The two movies Sully and Deepwater Horizon, which both came out in 2016, are near mirror images of each other in many ways.

Sully is partly the story about a pilot who has spent his entire career landing failing airplanes, effectively training him to do it again with higher stakes, where its never happened before. But its also the story of all of the regulation that has prevented all commercial aviation disasters since 2001. Sully may stay calm under pressure, but he's standing on the shoulders of giants. The flight attendants stick to their training. The port authority and the captains of the boats that rescue all of the passengers stick to their training. The NTSB even sticks to their training in certain ways. Plans were set forth, and followed. Even at the end of the movie, it is made clear that the NTSB's flaw was to control for all of the time constraints Sullenberger faced, all of the stress, and hid the fact that it was something like the 20th attempt in the simulator that was the first successful landing.

Deepwater horizon is the story about a company that has successfully captured their regulatory framework. There was inadequate training, inadequate safety measures, inadequate equipment to properly measure the specifics of the well. And so when the shit hits the fan, does everyone stay calm and exercise the plan to effect their continued survival? Nope, they all panic, and they nearly all die.

Planes and Trains are far safer than automobiles because of ratio of humans to engines.

1 comments

As a public service notice, all of your comments for the last week or so are marked as dead. Some people like me view with show-dead on, and see them, but most people don't. I've vouched for a few of them as I come across them, but you might consider discussing the matter with hn@ycombinator.com. For what it's worth, my personal opinion is that some of your comments like this one are great, but it would be nice if you could be less confrontational in some of your others.
I've assumed that. I appreciate the advice. I got a little heated in the Berkeley Study article this week. I guess I get to a point when some things are plain as day to me, such as "Humans learn better when they are more awake than less awake", and then read people pontificate about how this is such a profound insight, and confirms a hunch they've had their whole life. Its like I can see myself getting wound up, but I can't resist correcting my detractors. It only get's worse when people can enumerate the trees, but roll their eyes at others claiming a forest.

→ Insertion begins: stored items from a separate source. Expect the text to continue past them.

(* Let $z\in\mathbb{R}$ and $\tau\in\mathcal{L}$ with $C(\tau)=\{z\}$. Then $(\mathbb{R},\tau)$ is second countable if and only if the point $z$ has a countable local base in $(\mathbb{R},\tau)$; and $(\mathbb{R},\tau)$ is completely normal if and only if it is regular.
   Context: $\eta$ denotes the Euclidean topology on $\mathbb{R}$. $\mathcal{L}$ denotes the family of all Hausdorff topologies $\tau$ on $\mathbb{R}$ with $\tau\subset\eta$. For $\tau\in\mathcal{L}$ and $a\in\mathbb{R}$ let $\mathcal{N}_\tau(a)$ be the neighborhood filter of $a$ in $(\mathbb{R},\tau)$; $C(\tau)$ is the set of all $a\in\mathbb{R}$ with $\mathcal{N}_\tau(a)\neq\mathcal{N}_\eta(a)$. *)

From Stdlib Require Import Reals.
Open Scope R_scope.

Definition subset (A B : R -> Prop) : Prop := forall x, A x -> B x.

Definition is_topology (tau : (R -> Prop) -> Prop) : Prop :=
  tau (fun _ => False) /\ tau (fun _ => True) /\
  (forall U V, tau U -> tau V -> tau (fun x => U x /\ V x)) /\
  (forall F : (R -> Prop) -> Prop, (forall U, F U -> tau U) ->
     tau (fun x => exists U, F U /\ U x)).

Definition eta (U : R -> Prop) : Prop :=
  forall x, U x -> exists e, 0 < e /\ forall y, Rabs (y - x) < e -> U y.

Definition hausdorff (tau : (R -> Prop) -> Prop) : Prop :=
  forall x y, x <> y -> exists U V, tau U /\ tau V /\ U x /\ V y /\
    (forall w, U w -> V w -> False).

Definition in_L (tau : (R -> Prop) -> Prop) : Prop :=
  is_topology tau /\ hausdorff tau /\ (forall U, tau U -> eta U).

Definition nbhd (tau : (R -> Prop) -> Prop) (a : R) (N : R -> Prop) : Prop :=
  exists U, tau U /\ U a /\ subset U N.

Definition Cset (tau : (R -> Prop) -> Prop) (a : R) : Prop :=
  ~ (forall N, nbhd tau a N <-> nbhd eta a N).

(* second countable: a countable base (indexed by nat; repetitions allowed) *)
Definition second_countable (tau : (R -> Prop) -> Prop) : Prop :=
  exists B : nat -> (R -> Prop), (forall n, tau (B n)) /\
    (forall U, tau U -> forall x, U x -> exists n, B n x /\ subset (B n) U).

Definition countable_local_base (tau : (R -> Prop) -> Prop) (z : R) : Prop :=
  exists B : nat -> (R -> Prop), (forall n, nbhd tau z (B n)) /\
    (forall N, nbhd tau z N -> exists n, subset (B n) N).

Definition closure (tau : (R -> Prop) -> Prop) (A : R -> Prop) (x : R) : Prop :=
  forall U, tau U -> U x -> exists y, U y /\ A y.

Definition closed (tau : (R -> Prop) -> Prop) (F : R -> Prop) : Prop :=
  tau (fun x => ~ F x).

Definition regular (tau : (R -> Prop) -> Prop) : Prop :=
  forall F x, closed tau F -> ~ F x ->
    exists U V, tau U /\ tau V /\ U x /\ subset F V /\
      (forall w, U w -> V w -> False).
Lemma conj_fixed_inj P X x y : coprimez (\det P) (\det (X - 1)) ->
  torus_fixed X x -> torus_fixed X y ->
  fracv (mat_act P x) = fracv (mat_act P y) -> x = y.
Proof.
move=> cop fx fy Pxy; have /torus_fixedE[fund_x _] := fx; have /torus_fixedE[fund_y _] := fy.
apply: in_fund_eq fund_x fund_y (int_vec_bezout cop _ _); last first.
  by rewrite mat_actB; apply: int_vecB; apply: fixed_den.
rewrite -mul_adj_mx mulmxE mat_actM; apply: int_vec_mat_act.
rewrite mat_actB (_ : _ - _ = (mat_act P x - fracv (mat_act P x)) - (mat_act P y - fracv (mat_act P y))).
  by apply: int_vecB; apply: int_vec_sub_fracv.
by rewrite Pxy; apply: injective_projections; rewrite !raddfB /=; ring.
Qed.

Lemma conj_fixed_surj P X Y y : P * X = Y * P -> \det P != 0 ->
  coprimez (\det P) (\det (Y - 1)) -> torus_fixed Y y ->
  exists2 x, torus_fixed X x & fracv (mat_act P x) = y.
Proof.
move=> PX dP /coprimezP[[a b] /= abE] fy; set D := \det (Y - 1) in abE.
pose Q := a *: \adj P; have QY : Q * Y = X * Q.
  by rewrite -scalerAl (adj_conj (esym PX) dP) scalerAr.
exists (fracv (mat_act Q y)); first exact: conj_fixed QY fy.
have /torus_fixedE[fund_y _] := fy; rewrite -[RHS](fracv_id fund_y); apply: fracv_congr.
set z := mat_act Q y.
have Pz : mat_act P z - y = mat_act (- b)%:M (mat_act D%:M y).
  rewrite /z /Q -mat_actM -scalerAr -mulmxE mul_mx_adj scale_scalar_mx !mat_act_scalar.
  have abR : a%:~R * (\det P)%:~R + b%:~R * D%:~R = 1 :> R by rewrite -!intrM -intrD abE.
  apply: injective_projections; rewrite raddfB /= !intrM intrN;
    by rewrite -[X in _ - X]mul1r -[X in _ - X * _]abR; ring.
rewrite (_ : _ - y = (mat_act P z - y) - mat_act P (z - fracv z)); last first.
  by rewrite mat_actB; apply: injective_projections; rewrite !raddfB /=; ring.
by apply: int_vecB; rewrite ?Pz; apply: int_vec_mat_act; [apply: fixed_den | apply: int_vec_sub_fracv].
Qed.

Lemma isolated_fixed_equinumerous X Y : locally_conj X Y ->
  equinumerous (torus_isolated_fixed (R:=R) X) (torus_isolated_fixed (R:=R) Y).
Proof.
move=> XY; have det_subr1 : \det (X - 1) = \det (Y - 1).
  have [P [PX /(coprime_neq0 (isT : 1 < 2)%N) dP]] := XY 2 isT.
  exact: det_subr1_conj PX dP.
have [D0|D_neq0] := eqVneq (\det (X - 1)) 0.
  exists id; split; [|split].
  - by move=> x /(fixed_not_isolated D0).
  - by move=> x y /(fixed_not_isolated D0).
  - by move=> y; rewrite det_subr1 in D0; move/(fixed_not_isolated D0).
have n_gt1 : (1 < `|\det (X - 1)|.*2)%N by rewrite -addnn; move: D_neq0; rewrite -absz_gt0; lia.
have [P [PX copP]] := XY _ (ltnW n_gt1); have dP := coprime_neq0 n_gt1 copP.
have cop : coprimez (\det P) (\det (X - 1)).
  by move: copP; rewrite coprimezE -muln2 coprimeMr => /andP[].
exists (fun x => fracv (mat_act P x)); split; [|split].
- by move=> x [fx _]; apply: fixed_isolated (conj_fixed PX fx); rewrite -det_subr1.
- by move=> x y [fx _] [fy _]; apply: conj_fixed_inj cop fx fy.
- move=> y [fy _]; rewrite det_subr1 in cop.
  have [x fx <-] := conj_fixed_surj PX dP cop fy.
  by exists x; split=> //; apply: fixed_isolated D_neq0 fx.
Qed.

End Torus.

Theorem corollary42 (M N : 'M[int]_2) :
  \det M = \det N -> \tr M = \tr N -> mgcd M = mgcd N ->
  (forall n : nat, (0 < n)%N -> same_local_stats M N n) /\
  (forall n m : nat, (0 < n)%N -> lat_fix_count (M ^+ m) n = lat_fix_count (N ^+ m) n) /\
  (forall (R : realType) (m : nat),
     equinumerous (torus_isolated_fixed (R:=R) (M ^+ m))
                  (torus_isolated_fixed (R:=R) (N ^+ m))).
Proof.
move=> detE trE gE; have MN := locally_conj_invariants detE trE gE.
split; [|split].
- by move=> n /MN[P [PM cop]]; apply: same_local_stats_conj PM cop.
- by move=> n m /(locally_conj_exp m MN)[P [PM cop]]; apply: lat_fix_count_conj PM cop.
- by move=> R m; apply: isolated_fixed_equinumerous; apply: locally_conj_exp.
Qed.
Lemma sdual_lin_closed y z a : sn_directed emb omega (absK (K:=K)) dom T M0 Ml nu ->
  FV' y -> FV' z -> FV' (fun f => a * y f + z f).
Proof.
move=> sn_dir hy hz; split=> [c f g hf hg | ].
  by rewrite hy.1 // hz.1 //; ring.
case: hy => _ [j1 [l1 [C1 hC1]]]; case: hz => _ [j2 [l2 [C2 hC2]]].
have [j [l [[] [C0 [_ hC0]]]]] := sn_dir j1 l1 tt j2 l2 tt.
exists j, l, ((`|a| * C1 + C2) * C0) => f hf c hc.
have [h1 h2] := hC0 f hf c hc.
apply: le_trans (ler_normD _ _) _; rewrite normrM -mulrA mulrDl -mulrA.
by apply: lerD; [apply: ler_wpM2l => //; exact: hC1 | exact: hC2].
Qed.

Lemma sdual_bound y : inhabited Omega -> (forall l, exists m, Ml l m) -> FV' y ->
  exists j l (C : K), 0 <= C /\
    forall f, FV f -> forall c, sn f j l c -> `|y f| <= C * c.
Proof.
move=> Omega0 Ml0 [_ [j [l [C hC]]]]; exists j, l, `|C|; split=> // f hf c hc.
by rewrite le_normM_of_leM ?normr_ge0 ?(sns_ge0 Omega0 (Ml0 l) hc) ?hC.
Qed.

End WeightedScalar.

Section DualFacts.
Variables (K : numFieldType) (V : lmodType K) (A : Type) (p : A -> V -> K).

Lemma seminorm0 a : is_seminorm (p a) -> p a 0 = 0.
Proof. by case=> _ pZ _; have := pZ 0 0; rewrite scale0r normr0 mul0r. Qed.

Lemma in_dual_bound e' : (forall a, is_seminorm (p a)) -> in_dual p e' ->
  exists a (C : K), 0 <= C /\ forall x, `|e' x| <= C * p a x.
Proof.
move=> p_sn [_ [a [C hC]]]; exists a, `|C|; split=> // x.
by rewrite le_normM_of_leM ?normr_ge0 ?hC //; case: (p_sn a).
Qed.

Variable e' : V -> K.
Hypothesis e'_lin : lin_on (fun _ => True) e'.

Lemma lin_fun0 : e' 0 = 0.
Proof. by have := @e'_lin (-1) 0 0 I I; rewrite scaler0 addr0 mulN1r addNr. Qed.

I even knew going into my final retort to /u/dang that he'd swing the banhammer. But something in the back of my mind just said "hold my beer".

I fully agree that honey kills more flies than vinegar. But I'm also a Lord of the Rings fan. Pip and Merri only convince the Ents to go to war through forcing them to confront the clear cut forest. It was the Ents position, much like the US before WWI, that this too shall pass, and we shouldn't involve ourselves in the affairs of men/europe.

I'm not saying confrontation is always defensible, but its also not always indefensible.

I guess I struggle at picking my battles.